(* Let $0<\alpha<1/2$ and let $A_I=\{(x,y)\in[0,1]^2: S(x,y)\ge 2\alpha^2\}$. For every $(x,y)\in[0,1]^2\setminus\{(0,0)\}$ there exists $N\ge 0$ such that $G_\alpha^n(x,y)\in A_I$ for all $n\ge N$. Consequently every $G_\alpha$-invariant Borel probability measure $\mu$ on $[0,1]^2$ with $\mu(\{(0,0)\})=0$ satisfies $\mu(A_I)=1$.
   Context: Let $\tau:[0,1]\to[0,1]$ be the symmetric tent map, $\tau(x)=2x$ for $0\le x<1/2$ and $\tau(x)=2-2x$ for $1/2\le x\le 1$. For $0<\alpha<1$ define $G_\alpha:[0,1]^2\to[0,1]^2$ by $G_\alpha(x,y)=(y,\tau(\alpha y+(1-\alpha)x))$. Let $S(x,y)=\alpha y+(1-\alpha)x$. *)

From Stdlib Require Import Reals Lra.
Open Scope R_scope.

Definition tau (x : R) : R := if Rlt_dec x (1/2) then 2 * x else 2 - 2 * x.

Definition S (alpha : R) (p : R * R) : R := alpha * snd p + (1 - alpha) * fst p.

Definition G (alpha : R) (p : R * R) : R * R := (snd p, tau (S alpha p)).

Definition square (p : R * R) : Prop :=
  0 <= fst p <= 1 /\ 0 <= snd p <= 1.

Definition A_I (alpha : R) (p : R * R) : Prop :=
  square p /\ S alpha p >= 2 * alpha ^ 2.

(* open subsets of R^2 (product / max-norm topology = Euclidean topology) *)
Definition open2 (U : R * R -> Prop) : Prop :=
  forall p, U p -> exists eps, 0 < eps /\
    forall q, Rabs (fst q - fst p) < eps -> Rabs (snd q - snd p) < eps -> U q.

Inductive borel : (R * R -> Prop) -> Prop :=
| borel_open : forall U, open2 U -> borel U
| borel_compl : forall B, borel B -> borel (fun p => ~ B p)
| borel_union : forall F : nat -> (R * R -> Prop),
    (forall n, borel (F n)) -> borel (fun p => exists n, F n p).

(* A Borel probability measure on [0,1]^2, represented as a Borel probability
   measure on R^2 giving full mass to [0,1]^2 (values on non-Borel sets are
   irrelevant). *)
Record borel_prob_on_square (mu : (R * R -> Prop) -> R) : Prop := {
  bp_nonneg : forall B, borel B -> 0 <= mu B;
  bp_sigma_additive : forall F : nat -> (R * R -> Prop),
    (forall n, borel (F n)) ->
    (forall m n p, m <> n -> F m p -> F n p -> False) ->
    infinite_sum (fun n => mu (F n)) (mu (fun p => exists n, F n p));
  bp_total : mu (fun _ => True) = 1;
  bp_square : mu square = 1
}.

(* G_alpha-invariance: mu (G_alpha^{-1} B) = mu B for Borel B, the preimage
   being taken inside [0,1]^2 *)
Definition G_invariant (alpha : R) (mu : (R * R -> Prop) -> R) : Prop :=
  forall B, borel B -> mu (fun p => square p /\ B (G alpha p)) = mu B.

From Stdlib Require Import Reals.
From Stdlib Require Import Lia Lra Psatz Classical FunctionalExtensionality PropExtensionality.
Open Scope R_scope.
(* Let $\mathcal{T}$ be a tree with costs $c:V(\mathcal{T})\to\mathbb{R}_{>0}$, let $a\ge 0$ be such that some vertex $v$ has $c(v)\le a$, and let $k=k(\mathcal{T},c)$. Construct $\mathcal{X},\mathcal{Y},\mathcal{Z}$ and $\mathcal{T}_{\mathcal{Z}}$ as described (for any choices made in the construction). Then $|V(\mathcal{T}_{\mathcal{Z}})|\le 4k-3$.
   Context: For $t\ge 0$, a heavy module with respect to $t$ is a set $H\subseteq V(\mathcal{T})$ with $\mathcal{T}[H]$ connected, $c(v)>t$ for all $v\in H$, and maximal with these properties; $k(\mathcal{T},c,t)$ is the number of such modules and $k(\mathcal{T},c)=\max_{t\ge0}k(\mathcal{T},c,t)$. For $S\subseteq V(\mathcal{T})$, $\mathcal{T}\langle S\rangle$ is the minimal subtree containing $S$; for vertices $u,v$, $\mathcal{P}_{\mathcal{T}}(u,v)$ is the set of vertices on the $u$–$v$ path excluding $u,v$. Construction: $\mathcal{X}$ contains one arbitrarily chosen vertex from each heavy module with respect to $a$. $\mathcal{Y}=\mathcal{X}\cup\{v\in V(\mathcal{T}\langle\mathcal{X}\rangle):\deg_{\mathcal{T}\langle\mathcal{X}\rangle}(v)\ge 3\}$. $\mathcal{Z}$ consists of $\mathcal{Y}$ together with, for every pair $u,v\in\mathcal{Y}$ with $\mathcal{P}_{\mathcal{T}}(u,v)\ne\emptyset$ and $\mathcal{P}_{\mathcal{T}}(u,v)\cap\mathcal{Y}=\emptyset$, a vertex of $\mathcal{P}_{\mathcal{T}}(u,v)$ of minimum cost. The auxiliary tree is $\mathcal{T}_{\mathcal{Z}}$ with vertex set $\mathcal{Z}$ and edges $uv$ for all $u,v\in\mathcal{Z}$ with $\mathcal{P}_{\mathcal{T}}(u,v)\cap\mathcal{Z}=\emptyset$. *)

From mathcomp Require Import all_boot all_order all_algebra.
Set Implicit Arguments. Unset Strict Implicit. Unset Printing Implicit Defensive.
Import Order.TTheory GRing.Theory Num.Theory.
Local Open Scope ring_scope.

Section TreeDefs.
Variable V : finType.
Variable e : rel V.

(* simple path u = x0, x1, ..., xn = v, given as u :: p *)
Definition upath (u v : V) (p : seq V) : bool :=
  [&& path e u p, last u p == v & uniq (u :: p)].

Definition is_tree : Prop :=
  [/\ symmetric e, irreflexive e, (forall x y, connect e x y)
    & (forall u v p q, upath u v p -> upath u v q -> p = q)].

Definition restr (H : {set V}) : rel V :=
  [rel x y | [&& e x y, x \in H & y \in H]].

Definition connectedb (H : {set V}) : bool :=
  [forall x in H, forall y in H, connect (restr H) x y].

Variable R : realFieldType.
Variable c : V -> R.

Definition heavy_setb (t : R) (H : {set V}) : bool :=
  [&& H != set0, connectedb H & [forall v in H, t < c v]].

Definition heavy_module (t : R) (H : {set V}) : bool :=
  heavy_setb t H &&
  [forall H' : {set V}, (H \subset H') && heavy_setb t H' ==> (H' == H)].

Definition heavy_modules (t : R) : {set {set V}} := [set H | heavy_module t H].

Definition kt (t : R) : nat := #|heavy_modules t|.

Definition min_subtree (S : {set V}) : {set V} :=
  \bigcap_(H : {set V} | (S \subset H) && connectedb H) H.

Definition deg_in (H : {set V}) (v : V) : nat := #|[set w in H | e v w]|.

Definition Yset (X : {set V}) : {set V} :=
  X :|: [set v in min_subtree X | (3 <= deg_in (min_subtree X) v)%N].

Definition inner (u v w : V) : Prop :=
  w <> u /\ w <> v /\ exists p, upath u v p /\ w \in p.

Definition good_pair (Y : {set V}) (u v : V) : Prop :=
  [/\ u \in Y, v \in Y, (exists w, inner u v w)
    & (forall w, inner u v w -> w \notin Y)].

End TreeDefs.

From mathcomp Require Import all_boot all_order all_algebra zify.
Set Implicit Arguments. Unset Strict Implicit. Unset Printing Implicit Defensive.

(* Let S be the vertex set of T<X> and B its set of vertices of degree at least 3, so that
   Y = X ∪ B.  Every leaf of T<X> lies in X, and an induction over the branches of T shows
   that a branch meeting S but missing some vertex of X contains fewer vertices of B than of
   X; hence |B| < |X| and |Y| < 2|X|.
   Fix r ∈ X.  A vertex z of Z \ Y is inner to the path joining a good pair {y, u}, and after
   swapping y and u it is also inner to the path from y to r.  The two paths from y agree up
   to z; where they part, T<X> would have a vertex of degree 3, which is impossible inside the
   y–u path, so u is the first vertex of Y on the path from y to r.  Thus z is determined by
   y ∈ Y \ {r}, and |Z| < 2|Y| ≤ 4|X| - 2.  Finally X has one vertex in each heavy module
   with respect to a, so |X| ≤ k(T, c, a) ≤ k. *)

Lemma card_bigcup_le (I T : finType) (P : {pred I}) (F : I -> {set T}) :
  #|\bigcup_(i in P) F i| <= \sum_(i in P) #|F i|.
Proof.
elim/big_rec2: _ => [|i n U _ IH]; first by rewrite cards0.
by apply: leq_trans (leq_card_setU _ _) _; rewrite leq_add2l.
Qed.

Lemma card_bigcup_disjoint (I T : finType) (P : {pred I}) (F : I -> {set T}) :
  {in P &, forall i j, i != j -> [disjoint F i & F j]} ->
  #|\bigcup_(i in P) F i| = \sum_(i in P) #|F i|.
Proof.
move=> disF; rewrite -!big_enum.
have : uniq (enum P) by exact: enum_uniq.
have : {subset enum P <= P} by move=> i; rewrite mem_enum.
elim: (enum P) => [|i s IH] /= sP; first by rewrite !big_nil cards0.
case/andP=> i_s s_uniq; rewrite !big_cons -IH //; last first.
  by move=> j js; rewrite sP ?inE ?js ?orbT.
apply/eqP; rewrite (leq_card_setU _ _).2 bigcup_seq; apply: bigcup_disjoint => j js.
by apply: disF; rewrite ?sP ?inE ?eqxx ?js ?orbT //; apply: contraNneq i_s => ->.
Qed.

Lemma leq_card_transversal (T : finType) (X : {set T}) (P : {set {set T}}) :
  (forall x, x \in X -> exists H, H \in P /\ x \in H) ->
  (forall H, H \in P -> #|X :&: H| <= 1) -> #|X| <= #|P|.
Proof.
move=> coverX meet1.
have sub : X \subset \bigcup_(H in P) (X :&: H).
  apply/subsetP => x xX; have [H [HP xH]] := coverX x xX.
  by apply/bigcupP; exists H; rewrite ?inE ?xX.
apply: leq_trans (subset_leq_card sub) _; apply: leq_trans (card_bigcup_le _ _) _.
by rewrite -sum1_card; apply: leq_sum.
Qed.

Lemma mem_split (T : eqType) (s : seq T) x : x \in s -> exists s1 s2, s = s1 ++ x :: s2.
Proof. by case/splitPr => s1 s2; exists s1, s2. Qed.

Lemma common_prefix (T : eqType) (s t : seq T) : exists c s' t',
  [/\ s = c ++ s', t = c ++ t' &
      forall b s2 b' t2, s' = b :: s2 -> t' = b' :: t2 -> b != b'].
Proof.
elim: s t => [|b s IH] [|b' t]; first by exists [::], [::], [::].
- by exists [::], [::], (b' :: t).
- by exists [::], (b :: s), [::].
have [<-|bb'] := eqVneq b b'.
  by have [c [s' [t' [-> -> div]]]] := IH t; exists (b :: c), s', t'.
by exists [::], (b :: s), (b' :: t); split=> // ? ? ? ? [<- _] [<- _].
Qed.

Lemma connect_upath (T : finType) (r : rel T) x y : connect r x y ->
  exists p, [/\ path r x p, last x p = y & uniq (x :: p)].
Proof. by case/connectP => p /shortenP[q pq uq _] ->; exists q. Qed.

Lemma path_crossing (T : eqType) (r : rel T) (A : {pred T}) x p :
  path r x p -> x \in A -> last x p \notin A ->
  exists a b, [/\ a \in A, b \notin A & r a b].
Proof.
elim: p x => [|y p IH] x /=; first by move=> _ ->.
case/andP=> rxy pp xA; case: (boolP (y \in A)) => yA; first exact: IH.
by move=> _; exists x, y.
Qed.

Section Tree.
Variables (V : finType) (e : rel V).
Hypothesis e_sym : symmetric e.
Hypothesis e_irr : irreflexive e.
Hypothesis e_connect : forall x y, connect e x y.
Hypothesis upath_uniq : forall u v p q, upath e u v p -> upath e u v q -> p = q.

▶ TASK DESCRIPTION
Only the lines from the one with "by move=> _; exists x, y." through the last line above should be restated, word for word.

▶ ANSWER TO THIS EXERCISE
by move=> _; exists x, y.
Qed.

Section Tree.
Variables (V : finType) (e : rel V).
Hypothesis e_sym : symmetric e.
Hypothesis e_irr : irreflexive e.
Hypothesis e_connect : forall x y, connect e x y.
Hypothesis upath_uniq : forall u v p q, upath e u v p -> upath e u v q -> p = q.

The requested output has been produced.